In keeping with her fashion roots, Twigs’ first capsule collection is inspired by Kate Spade’s girl next door line, “Spade by Kate Spade.” The collection is named for one of Kate Spade’s most iconic accessories, the “New York Lunch”, and is designed in an attempt to recreate that style. But, rather than being a lunch box, the “New York Lunch” is a handbag. The collection includes a satchel in the shape of a New York City shuttle bus, a style that Twigs described as “versatile, fun, and fashionable.”

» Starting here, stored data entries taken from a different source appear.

Lemma hat_var_orep_gt0 e (x : DirE G) :
  (0 < hat_var e (enum_rank (inl (orep x) : Var G)))%N ->
  exists2 y, e = inr y & orep y = orep x.
Proof.
case: e => [[v|v]|y] /=; rewrite ?mnm0E ?mnm1E ?lt0b ?(inj_eq enum_rank_inj) //.
by move=> /eqP[<-]; exists y.
Qed.

Section SameVariables.
Variables (s s' : 'S_n) (f f' : {ffun 'I_n -> HatE G}).
Hypotheses (fam_f : f \in family (perm_edge s)) (fam_f' : f' \in family (perm_edge s')).
Hypothesis eq_var : fam_var f = fam_var f'.

(* The edge orbit of f a, read off from its variable e, is also used by f', in
   one of its two orientations; either way a and s a share an s'-cycle. *)
Lemma perm_edge_porbit_step a : porbit s' (s a) = porbit s' a.
Proof.
have porbit_step b : porbit s' (s' b) = porbit s' b.
  by have := porbit_perm s' 1 b; rewrite expg1.
have [hf tf] := perm_edgeP fam_f a.
case fa: (f a) hf tf => [[v|v]|x] /= hf tf.
- by congr porbit; apply: enum_val_inj; rewrite -tf -hf.
- by congr porbit; apply: enum_val_inj; rewrite -tf -hf.
set r := enum_rank (inl (orep x) : Var G).
have : (0 < fam_var f' r)%N.
  by rewrite -eq_var /fam_var mnm_sumE (bigD1 a) //= fa /= mnm1E eqxx.
rewrite /fam_var mnm_sumE lt0n sum_nat_eq0 => /forallPn[a' /=].
rewrite -lt0n => /hat_var_orep_gt0[y f'a' ry].
have [hf' tf'] := perm_edgeP fam_f' a'; rewrite f'a' /= in hf' tf'.
case: (orep_ends ry) => [[h t]|[h t]].
  have eq_a' : a' = a by apply: enum_val_inj; rewrite -hf' h hf.
  have -> : s a = s' a by apply: enum_val_inj; rewrite -tf -t tf' eq_a'.
  exact: porbit_step.
have eq_a' : a' = s a by apply: enum_val_inj; rewrite -hf' h tf.
have eq_s'a' : s' a' = a by apply: enum_val_inj; rewrite -tf' t hf.
by rewrite -eq_a' -porbit_step eq_s'a'.
Qed.

End SameVariables.
End SignRigidity.

Section Support.
Variables (d : nat) (G : periodic_graph d).
Local Notation n := #|pg_W G|.
Local Notation perm_edge := (@perm_edge d G).

Lemma perm_edge_odd_perm s s' f f' :
  f \in family (perm_edge s) -> f' \in family (perm_edge s') ->
  fam_var f = fam_var f' -> odd_perm s = odd_perm s'.
Proof.
move=> fam_f fam_f' eq_var; apply: odd_perm_eq_porbit => x.
apply/porbit_setP => y; apply/idP/idP; apply: porbit_subset_step.
  exact: perm_edge_porbit_step fam_f fam_f' eq_var.
exact: perm_edge_porbit_step fam_f' fam_f (esym eq_var).
Qed.

Lemma fam_sign_mdeg (f : {ffun 'I_n -> HatE G}) : fam_sign f = mdeg (fam_var f).
Proof.
rewrite /fam_sign /fam_var mdeg_sum; apply: eq_bigr => i _.
by case: (f i) => [[v|v]|x]; rewrite /= ?mdeg0 ?mdeg1.
Qed.

Lemma msupp_shiftedPhi_family m : m \in msupp (shiftedPhi G) ->
  exists s f, f \in family (perm_edge s) /\ fam_mnm f = m.
Proof.
rewrite mcoeff_msupp => Phi_m.
have [k supp_k] : exists k, k \in msupp (shiftedPhi G)@_m.
  case supp_m: (msupp _) => [|k ks]; last by exists k; rewrite mem_head.
  by move: Phi_m; rewrite -msupp_eq0 supp_m.
move: supp_k; rewrite mcoeff_msupp mcoeff_shiftedPhi.
move=> /sumr_neq0P[s _ /sumr_neq0P[f fam_f]].
by case: (fam_mnm f =P m) => [eq_m _|_]; [exists s, f | rewrite andbF mulr0 eqxx].
Qed.

(* No cancellation: all (s, f) contributing to the coefficient of e^k z^m carry
   the same sign, since k determines both the parity of s and the number of
   non-lambda edges. *)
Lemma family_msupp_shiftedPhi s0 f0 :
  f0 \in family (perm_edge s0) -> fam_mnm f0 \in msupp (shiftedPhi G).
Proof.
move=> fam_f0; set m := fam_mnm f0; set k := fam_var f0.
pose same (f : {ffun 'I_n -> HatE G}) := (fam_var f == k) && (fam_mnm f == m).
have coefE : ((shiftedPhi G)@_m)@_k = (-1) ^+ (s0 + fam_sign f0)
    * (\sum_(s : 'S_n) \sum_(f in family (perm_edge s)) same f)%:R.
  rewrite mcoeff_shiftedPhi natr_sum mulr_sumr; apply: eq_bigr => s _.
  rewrite natr_sum mulr_sumr; apply: eq_bigr => f fam_f.
  rewrite /same; case: (fam_var f =P k) => [eq_k|]; last by rewrite !mulr0.
  by rewrite (perm_edge_odd_perm fam_f fam_f0 eq_k) !fam_sign_mdeg eq_k.
rewrite mcoeff_msupp; apply/eqP => Phi_m0; move: coefE.
rewrite Phi_m0 mcoeff0 => /esym/eqP; rewrite mulf_eq0 signr_eq0 pnatr_eq0.
by rewrite (bigD1 s0) //= (bigD1 f0) //= /same !eqxx.
Qed.

End Support.

Section Exponents.
Variables (d : nat) (G : periodic_graph d).
Local Notation n := #|pg_W G|.
Local Notation M := (shiftM G).
Local Notation perm_edge := (@perm_edge d G).

Definition z_shift (i : 'I_d.+1) : int := if (i < d)%N then M%:Z else 0.

Lemma absz_dalpha_shift (x : DirE G) j :
  `|(dalpha x 0%R j + M%:Z)%R|%N = dalpha x 0%R j + M%:Z :> int.
Proof.
have : (`|dalpha x 0%R j|%N <= M)%N by apply: bigop.bigmax_sup (bigop.bigmax_sup _ _ _).
rewrite -lez_nat abszE => /ler_normlP[le_Ma _].
by rewrite abszE ger0_norm // -lerBlDr sub0r lerNl.
Qed.

Lemma hat_mnm_coord (e : HatE G) i : (hat_mnm e i)%:Z = z_shift i + hexp e 0 i.
Proof.
rewrite /z_shift; case: (unliftP ord_max i) => [j ->|->].
  rewrite lift_max ltn_ord.
  case: e => [[v|v]|x] /=; rewrite ?mnmDE /zmon_mnm mnmE ?mnm1E liftK ?mxE ?liftK.
  - by rewrite (negbTE (neq_lift _ _)) eq_sym (negbTE (neq_lift _ _)) !addr0 addn0.
  - by rewrite add0r addr0.
  - by rewrite absz_dalpha_shift addrC.
rewrite ltnn; case: e => [[v|v]|x] /=;
  by rewrite ?mnmDE /zmon_mnm mnmE ?mnm1E ?mxE ?unlift_none ?eqxx.
Qed.

Definition cover_pt (z : {set HatE G}) : 'rV[R]_d.+1 := \row_i (wt_exp z 0 i)%:~R.

Lemma fam_mnm_exponent s (f : {ffun 'I_n -> HatE G}) :
  f \in family (perm_edge s) ->
  \row_i ((fam_mnm f i)%:R - (if (i < d)%N then (n * M)%:R else 0)) =
  cover_pt [set f j | j : 'I_n].
Proof.
move=> fam_f; apply/rowP => i; rewrite !mxE /wt_exp summxE big_imset /=; last first.
  by move=> a b _ _; apply: (perm_edge_inj fam_f).
have -> : (fam_mnm f i)%:R = (z_shift i *+ n + \sum_j hexp (f j) 0 i)%:~R :> R.
  rewrite pmulrn /fam_mnm mnm_sumE (big_morph Posz PoszD (erefl _)).
  by under eq_bigr do rewrite hat_mnm_coord; rewrite big_split sumr_const card_ord.
rewrite intrD; suff -> : (z_shift i *+ n)%:~R = (if (i < d)%N then (n * M)%:R else 0 : R).
  by rewrite addrAC subrr add0r.
rewrite /z_shift; case: ifP => _; last by rewrite mul0rn.
by rewrite rmorphMn /= mulnC natrM mulr_natr.
Qed.

Lemma Phi_exponentsP p :
  p \in Phi_exponents G <-> exists2 z, cycle_cover z & p = cover_pt z.
Proof.
split => [/mapP[m /msupp_shiftedPhi_family[s [f [fam_f <-]]] ->]|[z z_cover ->]].
  exists [set f j | j : 'I_n]; first exact: perm_edge_cover fam_f.
  exact: fam_mnm_exponent fam_f.
apply/mapP; exists (fam_mnm (cover_fun z)).
  exact: family_msupp_shiftedPhi (cover_fun_family z_cover).
by rewrite (fam_mnm_exponent (cover_fun_family z_cover)) -cover_funE.
Qed.
End Exponents.

Section LoopSwap.
Variables (d : nat) (G : periodic_graph d).
Local Notation W := (pg_W G).
Local Notation HatE := (HatE G).
Local Notation delta := (delta_mx 0 ord_max).

Lemma cycle_cover_perm (p : {perm HatE}) z :
  (forall e, hhead (p e) = hhead e) -> (forall e, htail (p e) = htail e) ->
  cycle_cover z -> cycle_cover (p @: z).
Proof.
move=> p_head p_tail z_cover v.
have fiber (h : HatE -> W) : (forall e, h (p e) = h e) ->
    [set e in p @: z | h e == v] = p @: [set e in z | h e == v].
  move=> p_h; apply/setP => e; rewrite inE.
  apply/andP/imsetP => [[/imsetP[e' ze' ->]] | [e' ]].
    by rewrite p_h => h_e'; exists e'; rewrite // inE ze'.
  by rewrite inE => /andP[ze' h_e'] ->; rewrite imset_f // p_h.
by rewrite !fiber // !card_imset; [exact: z_cover | exact: perm_inj..].
Qed.

Definition loop_swap (v : W) (z : {set HatE}) : {set HatE} :=
  tperm (lamloop v) (Vloop v) @: z.

Lemma loop_swapK v : involutive (loop_swap v).
Proof.
by move=> z; rewrite /loop_swap -imset_comp (eq_imset _ (tpermK _ _)) imset_id.
Qed.

Lemma cycle_cover_loop_swap v (z : {set HatE}) :
  cycle_cover z -> cycle_cover (loop_swap v z).
Proof. by apply: cycle_cover_perm => e; case: tpermP => [->|->|]. Qed.

Lemma Vloop_loop_swap v (z : {set HatE}) :
  lamloop v \in z -> Vloop v \in loop_swap v z.
Proof. by move=> zl; rewrite -(tpermL (lamloop v) (Vloop v)) imset_f. Qed.

Lemma lamloop_loop_swap v (z : {set HatE}) :
  Vloop v \in z -> lamloop v \in loop_swap v z.
Proof. by move=> zV; rewrite -(tpermR (lamloop v) (Vloop v)) imset_f. Qed.

Lemma wt_exp_loop_swap v (z : {set HatE}) : cycle_cover z -> lamloop v \in z ->
  wt_exp z = wt_exp (loop_swap v z) + delta.
Proof.
move=> z_cover zl; have zV : Vloop v \notin z.
  by apply/negP => zV; have := cover_head_inj z_cover zl zV erefl.
rewrite /wt_exp /loop_swap big_imset; last exact: in2W perm_inj.
rewrite (bigD1 (lamloop v)) //= [in RHS](bigD1 (lamloop v)) //= tpermL /= add0r addrC.
congr (_ + _); apply: eq_bigr => e /andP[ze neq_el].
by rewrite tpermD 1?eq_sym //; apply: contraNneq zV => <-.
Qed.

Lemma cover_pt_loop_swap v (z : {set HatE}) : cycle_cover z -> lamloop v \in z ->
  cover_pt z = cover_pt (loop_swap v z) + delta.
Proof.
move=> z_cover zl; apply/rowP => i.
by rewrite !mxE (wt_exp_loop_swap z_cover zl) !mxE intrD; case: (_ && _).
Qed.

Lemma dotZR_cover_pt eta (z : {set HatE}) :
  dotZR eta (cover_pt z) = (eta_cc eta z)%:~R.
Proof.
by rewrite /dotZR /eta_cc rmorph_sum; apply: eq_bigr => i _; rewrite mxE rmorphM.
Qed.

Lemma eta_cc_loop_swap eta v (z : {set HatE}) : cycle_cover z -> lamloop v \in z ->
  eta_cc eta z = eta_cc eta (loop_swap v z) + eta 0 ord_max.
Proof.
move=> z_cover zl; apply: (@intr_inj R).
by rewrite intrD -!dotZR_cover_pt (cover_pt_loop_swap z_cover zl) dotZR_add dotZR_delta.
Qed.

End LoopSwap.

Section InitialGraph.
Variables (d : nat) (G : periodic_graph d) (eta : 'rV[int]_d.+1).
Local Notation W := (pg_W G).
Local Notation HatE := (HatE G).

“He has a lot to prove. He’s a perfectionist, and he’s very passionate about what he does. He works hard at what he does, and I think that’s what makes him so exciting to watch and be a part of,” Twigs said of Eddie Pattinson. “He will never be a rerun, and that’s what makes him special. Even if he does something great, he’ll still want to do it again, because he feels like he can always learn from his mistakes. I think that’s why people admire him so much, because he’s very open to learning, and very passionate about what he does.”